I took this course from Professor Syamala Srinivasan, Ph.D.   She is at the top of the list of Northwestern Professors, who already are very high quality.  I would highly recommend her if you are considering this class.  She has gone above and beyond, with her textbook lectures, additional lectures on topics of interest, SAS tutorials, SAS demo’s for each week’s assignments, sync sessions, response to questions both on the discussion boards and by e-mail.  Her level of involvement in creating the course work and in teaching the class are phenomenal.  I can’t say enough good things about her.

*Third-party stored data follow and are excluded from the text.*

(* Let $r\geq 1$ be an integer and $N\geq 1$. Then $$ \sum_{a\leq N^r}(\tau_r'(a))^2\leq\left(\sum_{a\leq N}\tau_r(a)\right)^r. $$
   Context: $a$ runs over positive integers. $\tau_r(a)$ is the number of ways to write $a$ as an ordered product of $r$ positive integers, and $\tau_r'(a)$ is the number of ways to write $a$ as an ordered product of $r$ positive integers each of which does not exceed $N$. *)

From mathcomp Require Import all_boot.
Set Implicit Arguments. Unset Strict Implicit. Unset Printing Implicit Defensive.

(* tau r a : number of ordered r-tuples (x_1,...,x_r) of positive integers
   with x_1 * ... * x_r = a.  For a >= 1 every such factor is <= a, so it
   suffices to range over entries in {0,...,a}. *)
Definition tau (r a : nat) : nat :=
  #|[set t : {ffun 'I_r -> 'I_a.+1} |
      [forall i, 0 < t i] && (\prod_(i < r) (t i : nat) == a)]|.

Definition tau' (N r a : nat) : nat :=
  #|[set t : {ffun 'I_r -> 'I_N.+1} |
      [forall i, 0 < t i] && (\prod_(i < r) (t i : nat) == a)]|.

From mathcomp Require Import all_boot.
Set Implicit Arguments. Unset Strict Implicit. Unset Printing Implicit Defensive.

(* The square of tau' N r a counts pairs (u, v) of r-tuples with entries in
   [1, N] and common product a, so the left-hand side counts pairs of such
   tuples with equal products.  Every such pair is the pair of row products
   and column products of an r x r matrix of positive integers (split u_i
   along its gcds with the v_j), and each row of that matrix has product
   u_i <= N.  Hence there are at most as many pairs as r-tuples of rows with
   product <= N, and the number of rows with product <= N is
   \sum_(a <= N) tau' N r a <= \sum_(a <= N) tau r a. *)
Lemma card_partition_nat (T : finType) (P : pred T) (f : T -> nat) (B : nat) :
  (forall u, P u -> f u <= B) ->
  #|[set u | P u]| = \sum_(a < B.+1) #|[set u | P u && (f u == a)]|.
Proof.
move=> fB; rewrite -sum1_card.
rewrite (partition_big (fun u => inord (f u) : 'I_B.+1) predT) //=.
apply: eq_bigr => a _; rewrite -sum1_card; apply: eq_bigl => u.
rewrite !inE; case Pu: (P u) => //=.
by rewrite -(inj_eq val_inj) /= inordK // ltnS fB.
Qed.

Lemma dvdn_prod_split q (t : nat -> nat) d : 0 < d ->
  d %| \prod_(j < q) t j ->
  exists e : nat -> nat, [/\ forall j, 0 < e j, forall j, e j %| t j &
                            \prod_(j < q) e j = d].
Proof.
elim: q d => [|q IH] d d_gt0.
  rewrite big_ord0 dvdn1 => /eqP ->.
  by exists (fun _ => 1); split => //; rewrite big_ord0.
rewrite big_ord_recr /= => d_dvd.
set g := gcdn d (t q).
have g_gt0 : 0 < g by rewrite gcdn_gt0 d_gt0.
have dE : d = d %/ g * g by rewrite divnK // dvdn_gcdl.
have tE : t q = t q %/ g * g by rewrite divnK // dvdn_gcdr.
have cop : coprime (d %/ g) (t q %/ g).
  by rewrite /coprime -(eqn_pmul2r g_gt0) mul1n muln_gcdl -dE -tE.
have d'_dvd : d %/ g %| \prod_(j < q) t j.
  by move: d_dvd; rewrite {1}dE {1}tE mulnA dvdn_pmul2r // Gauss_dvdl.
have d'_gt0 : 0 < d %/ g by rewrite divn_gt0 // dvdn_leq // dvdn_gcdl.
have [e [e_gt0 e_dvd e_prod]] := IH _ d'_gt0 d'_dvd.
exists (fun j => if j == q then g else e j); split.
- by move=> j; case: eqP.
- by move=> j; case: eqP => [->|_]; rewrite ?dvdn_gcdr.
rewrite big_ord_recr /= eqxx [in RHS]dE -e_prod; congr (_ * _).
by apply: eq_bigr => i _; rewrite ltn_eqF.
Qed.

Lemma eq_prod_factor_matrix p q (s t : nat -> nat) : (forall i, 0 < s i) ->
  \prod_(i < p) s i = \prod_(j < q) t j ->
  exists m : nat -> nat -> nat, [/\ forall i j, 0 < m i j,
     forall i, i < p -> \prod_(j < q) m i j = s i &
     forall j, j < q -> \prod_(i < p) m i j = t j].
Proof.
elim: p s t => [|p IH] s t s_gt0.
  rewrite big_ord0 => prodE; exists (fun _ _ => 1); split => // j lt_jq.
  rewrite big_ord0; apply/esym/eqP; rewrite -dvdn1 prodE.
  by rewrite (bigD1 (Ordinal lt_jq)) //= dvdn_mulr.
rewrite big_ord_recl /= => prodE.
have s0_dvd : s 0 %| \prod_(j < q) t j by rewrite -prodE dvdn_mulr.
have [e [e_gt0 e_dvd e_prod]] := dvdn_prod_split (s_gt0 0) s0_dvd.
have prodE' : \prod_(i < p) s i.+1 = \prod_(j < q) (t j %/ e j).
  apply/eqP; rewrite -(eqn_pmul2l (s_gt0 0)) prodE -{1}e_prod -big_split /=.
  by apply/eqP/eq_bigr => j _; rewrite mulnC divnK.
have [m [m_gt0 m_row m_col]] :=
  IH (fun i => s i.+1) (fun j => t j %/ e j) (fun i => s_gt0 _) prodE'.
exists (fun i j => if i is i'.+1 then m i' j else e j); split.
- by move=> [|i] j.
- by move=> [|i] lt_ip //=; apply: m_row.
by move=> j lt_jq; rewrite big_ord_recl /= m_col // mulnC divnK.
Qed.

Section BoundedTuples.

Variables r N : nat.

Definition tprod (u : {ffun 'I_r -> 'I_N.+1}) : nat := \prod_(i < r) (u i : nat).

Definition tpos (u : {ffun 'I_r -> 'I_N.+1}) : bool := [forall i, 0 < u i].

Lemma tprod_gt0 u : tpos u -> 0 < tprod u.
Proof. by move=> /forallP u_gt0; apply: prodn_gt0. Qed.

Lemma leq_tprod u i : tpos u -> u i <= tprod u.
Proof.
move=> u_gt0; apply: dvdn_leq; first exact: tprod_gt0.
by rewrite /tprod (bigD1 i) //= dvdn_mulr.
Qed.

Lemma tprod_leq_exp u : tprod u <= N ^ r.
Proof.
rewrite -(card_ord r) -prod_nat_const; apply: leq_prod => i _.
by rewrite -ltnS.
Qed.

Lemma tau'0 : tau' N r 0 = 0.
Proof.
apply/eqP; rewrite cards_eq0; apply/eqP/setP => u; rewrite !inE.
by apply/negbTE/andP => -[/tprod_gt0 + /eqP u0]; rewrite /tprod u0.
Qed.

Lemma tau'_le_tau a : tau' N r a <= tau r a.
Proof.
have [->|a_gt0] := posnP a; first by rewrite tau'0.
pose shrink (u : {ffun 'I_r -> 'I_N.+1}) := [ffun i => (inord (u i) : 'I_a.+1)].
rewrite /tau'; set S := [set u | _].
have shrinkE u i : u \in S -> (shrink u i : nat) = u i.
  rewrite inE => /andP [u_gt0 /eqP uE].
  by rewrite ffunE inordK // ltnS -uE leq_tprod.
rewrite -(card_in_imset (f := shrink)).
  apply: subset_leq_card; apply/subsetP => _ /imsetP [u uS ->].
  have := uS; rewrite [u \in S]inE => /andP [/forallP u_gt0 /eqP uE].
  rewrite inE; apply/andP; split.
    by apply/forallP => i; rewrite shrinkE ?u_gt0.
  by apply/eqP; rewrite -[RHS]uE; apply: eq_bigr => i _; rewrite shrinkE.
move=> u v uS vS /ffunP uv; apply/ffunP => i; apply: val_inj.
by move: (congr1 val (uv i)); rewrite /= !shrinkE.
Qed.

Definition eq_prod_pairs :=
  [set x : {ffun 'I_r -> 'I_N.+1} * {ffun 'I_r -> 'I_N.+1} |
     [&& tpos x.1, tpos x.2 & tprod x.1 == tprod x.2]].

Definition small_tuples :=
  [set u : {ffun 'I_r -> 'I_N.+1} | tpos u && (tprod u <= N)].

Lemma tau'E a : tau' N r a = #|[set u | tpos u && (tprod u == a)]|.
Proof. by []. Qed.

Lemma sum_tau'_sqr : \sum_(a < (N ^ r).+1) tau' N r a ^ 2 = #|eq_prod_pairs|.
Proof.
rewrite (card_partition_nat (f := fun x => tprod x.1) (B := N ^ r)); last first.
  by move=> x _; apply: tprod_leq_exp.
apply: eq_bigr => a _; rewrite tau'E expnS expn1 -cardsX; apply: eq_card => -[u v].
rewrite !inE /=; case: (tpos u) (tpos v) => [] [] //=; rewrite ?andbF //.
by case: (tprod u =P a) => [->|_]; rewrite ?andbT ?andbF // eq_sym.
Qed.

Lemma card_small_tuples : #|small_tuples| = \sum_(a < N.+1) tau' N r a.
Proof.
rewrite (card_partition_nat (f := tprod) (B := N)); last by move=> u /andP [].
apply: eq_bigr => a _; rewrite tau'E; apply: eq_card => u; rewrite !inE -andbA.
by case: (tprod u =P a) => [->|_]; rewrite ?andbF // -ltnS ltn_ord andbT.
Qed.

Definition tfun (u : {ffun 'I_r -> 'I_N.+1}) (k : nat) : nat :=
  if insub k is Some i then u i else 1.

Lemma tfunE u (i : 'I_r) : tfun u i = u i.
Proof. by rewrite /tfun valK. Qed.

Lemma tfun_gt0 u k : tpos u -> 0 < tfun u k.
Proof. by move=> /forallP u_gt0; rewrite /tfun; case: insub. Qed.

Lemma prod_tfun u : \prod_(i < r) tfun u i = tprod u.
Proof. by apply: eq_bigr => i _; rewrite tfunE. Qed.

Definition row_col_prods (M : {ffun 'I_r -> {ffun 'I_r -> 'I_N.+1}}) :=
  ([ffun i => inord (\prod_(j < r) (M i j : nat)) : 'I_N.+1],
   [ffun j => inord (\prod_(i < r) (M i j : nat)) : 'I_N.+1]).

Lemma eq_prod_pairs_sub :
  eq_prod_pairs \subset row_col_prods @: ffun_on small_tuples.
Proof.
apply/subsetP => -[u v]; rewrite inE /= => /and3P [u_gt0 v_gt0 /eqP uvE].
have prodE : \prod_(i < r) tfun u i = \prod_(j < r) tfun v j.
  by rewrite !prod_tfun.
have [m [m_gt0 m_row m_col]] :=
  eq_prod_factor_matrix (fun i => tfun_gt0 i u_gt0) prodE.
have m_le (i j : 'I_r) : m i j <= N.
  have row_le : \prod_(k < r) m i k <= N by rewrite m_row // tfunE -ltnS.
  apply: leq_trans row_le; apply: dvdn_leq; first exact: prodn_gt0.
  by rewrite (bigD1 j) //= dvdn_mulr.
pose M := [ffun i : 'I_r => [ffun j : 'I_r => (inord (m i j) : 'I_N.+1)]].
have ME i j : (M i j : nat) = m i j by rewrite !ffunE inordK // ltnS.
apply/imsetP; exists M.
  apply/ffun_onP => i; rewrite inE; apply/andP; split.
    by apply/forallP => j; rewrite ME.
  by rewrite /tprod (eq_bigr _ (fun j _ => ME i j)) m_row // tfunE -ltnS.
congr pair; apply/ffunP => i; apply: val_inj; rewrite ffunE /=.
- by rewrite (eq_bigr _ (fun j _ => ME i j)) m_row // tfunE inordK.
- by rewrite (eq_bigr _ (fun j _ => ME j i)) m_col // tfunE inordK.
Qed.

Lemma card_eq_prod_pairs : #|eq_prod_pairs| <= #|small_tuples| ^ r.
Proof.
have := card_ffun_on 'I_r small_tuples; rewrite card_ord => <-.
apply: leq_trans (leq_imset_card row_col_prods _).
exact/subset_leq_card/eq_prod_pairs_sub.
Qed.

End BoundedTuples.

Theorem lemma2p2 (r N : nat) (hr : 1 <= r) (hN : 1 <= N) :
  \sum_(1 <= a < (N ^ r).+1) (tau' N r a) ^ 2
  <= (\sum_(1 <= a < N.+1) tau r a) ^ r.
Proof.
have drop0 (F : nat -> nat) n :
    F 0 = 0 -> \sum_(1 <= a < n.+1) F a = \sum_(a < n.+1) F a.
  by move=> F0; rewrite -(big_mkord xpredT) [RHS]big_ltn // F0.
rewrite (drop0 (fun a => tau' N r a ^ 2)) ?tau'0 // sum_tau'_sqr.
apply: leq_trans (card_eq_prod_pairs r N) _.
rewrite leq_exp2r // card_small_tuples -drop0 ?tau'0 //.
by apply: leq_sum => a _; apply: tau'_le_tau.
Qed.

The course structure is as follows.  Every week there is required reading from a variety of textbooks and articles from the library.  There are PowerPoint lectures with audio for each textbook chapter.  In addition there are usually several other special topic PowerPoint/audio lectures.  A recorded video session then goes over the assignment for the week, and the SAS code used for the assignment.   Participation in the week’s discussion board is mandatory and extremely helpful.  The assignments build upon each other and get more complex.  There are intermittent quizzes.  The final exam is a two-part, one a take home exam, the second an online-proctored exam.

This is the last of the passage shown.